Some primary care pharmacists offer prescribing advice to GPs, with a focus on switching to more cost-effective products. But there is greater scope for pharmacists qualified as prescribers to run clinics and manage their own caseloads, especially for patients with long-term conditions or those patients taking several medicines — so-called polypharmacy.
A briefing document from the Royal Pharmaceutical Society (RPS), seen by The Pharmaceutical Journal ahead of its dissemination to policymakers, makes the case for pharmacists offering prescribing advice as part of general practice services.
Pharmacists forming part of the clinical team within GP surgeries could do much to address the workload issues being faced by GPs. Royal College of General Practitioners chairman Maureen Baker has described a desperate shortage of GPs in many parts of the UK, with general practice “teetering on the brink of collapse”.
Conversely, the Centre for Workforce Intelligence, commissioned by the government to analyse future workforce requirements for healthcare, public health and social care in England, has predicted an oversupply of pharmacists, totalling as many as 19,000 by 2040. So, pharmacists could be seen as part of the solution to the GP crisis.
Among the models set out by the RPS, pharmacists could be employed directly by GP surgeries, run clinics or be contracted from local community pharmacies.
The notion of individual pharmacists having a direct role within GP practices may be perceived as a threat by community pharmacy businesses and their representative bodies.

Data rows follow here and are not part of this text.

Lemma covers_pt_seg (P : list point) (g p w y : point) :
  (forall z, seg p w z -> gallery P z) -> covers_pt P g p -> covers_pt P g w ->
  seg p w y -> covers_pt P g y.
Proof.
  intros Hpw Hp Hw Hy z Hz.
  destruct (Req_dec (area2 g p w) 0) as [Hcol|Hnd].
  - destruct (classic (p = w)) as [<-|Hne].
    { rewrite (seg_same p y Hy) in Hz. exact (Hp z Hz). }
    (* g is on the line pw, and gy is covered by the segments gp, pw and wg *)
    set (d := vsub w p).
    destruct (cross_eq0_parallel d (vsub g p)) as [k [Hk1 Hk2]].
    { apply dist2_pos. congruence. }
    { rewrite <- (area2_rot g p w) in Hcol. exact Hcol. }
    assert (Hg : g = line_at p d k)
      by (apply point_eq; unfold line_at, vsub in *; simpl in *; lra).
    destruct (seg_line_at_vsub p w y Hy) as [be [Hbe Ey]]. fold d in Ey.
    rewrite Hg, Ey in Hz. destruct (seg_line_at_inv _ _ _ _ _ Hz) as [ze [Hze ->]].
    assert (Ep : line_at p d 0 = p) by apply line_at0.
    assert (Ew : line_at p d 1 = w) by apply line_at_vsub1.
    destruct (Rle_dec 0 ze); [destruct (Rle_dec ze 1)|].
    + pose proof (seg_line_at p d 0 ze 1 ltac:(lra)) as S. rewrite Ep, Ew in S.
      exact (Hpw _ S).
    + pose proof (seg_line_at p d k ze 1 ltac:(lra)) as S. rewrite Ew, <- Hg in S.
      exact (Hw _ S).
    + pose proof (seg_line_at p d k ze 0 ltac:(lra)) as S. rewrite Ep, <- Hg in S.
      exact (Hp _ S).
  - destruct Hy as [t [Ht ->]]. destruct Hz as [s [Hs ->]].
    replace (_, _) with (bary (1 - s) (s * (1 - t)) (s * t) g p w)
      by (apply point_eq; unfold bary; simpl; ring).
    apply (triangle_not_exterior P g p w); [exact Hnd|exact Hp|exact Hpw| |].
    + intros y Hy. apply Hw, seg_sym, Hy.
    + apply in_triangle_bary; nra.
Qed.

Yet, whatever models are adopted — and there is scope for different ones depending on local needs — there are advantages to having pharmacists work this way.
The practice pharmacist could act as a key contact for hospitals (e.g. medical admissions units) and community pharmacists on medicines-related issues — helping to ensure patients transfer safely between care settings, thereby preventing hospital readmissions. Furthermore, if practice pharmacists can prove their worth to the GPs who employ them, this may boost the recognition of pharmacists more broadly and make community pharmacies more attractive collaborators for general practice.
Pharmacists need to be clear in how they can support GPs, such as helping doctors meet Quality and Outcomes Framework targets, which represent one of the main sources of potential income for medical contractors in the UK. And GPs must think creatively about how to deal with the pressures they are facing.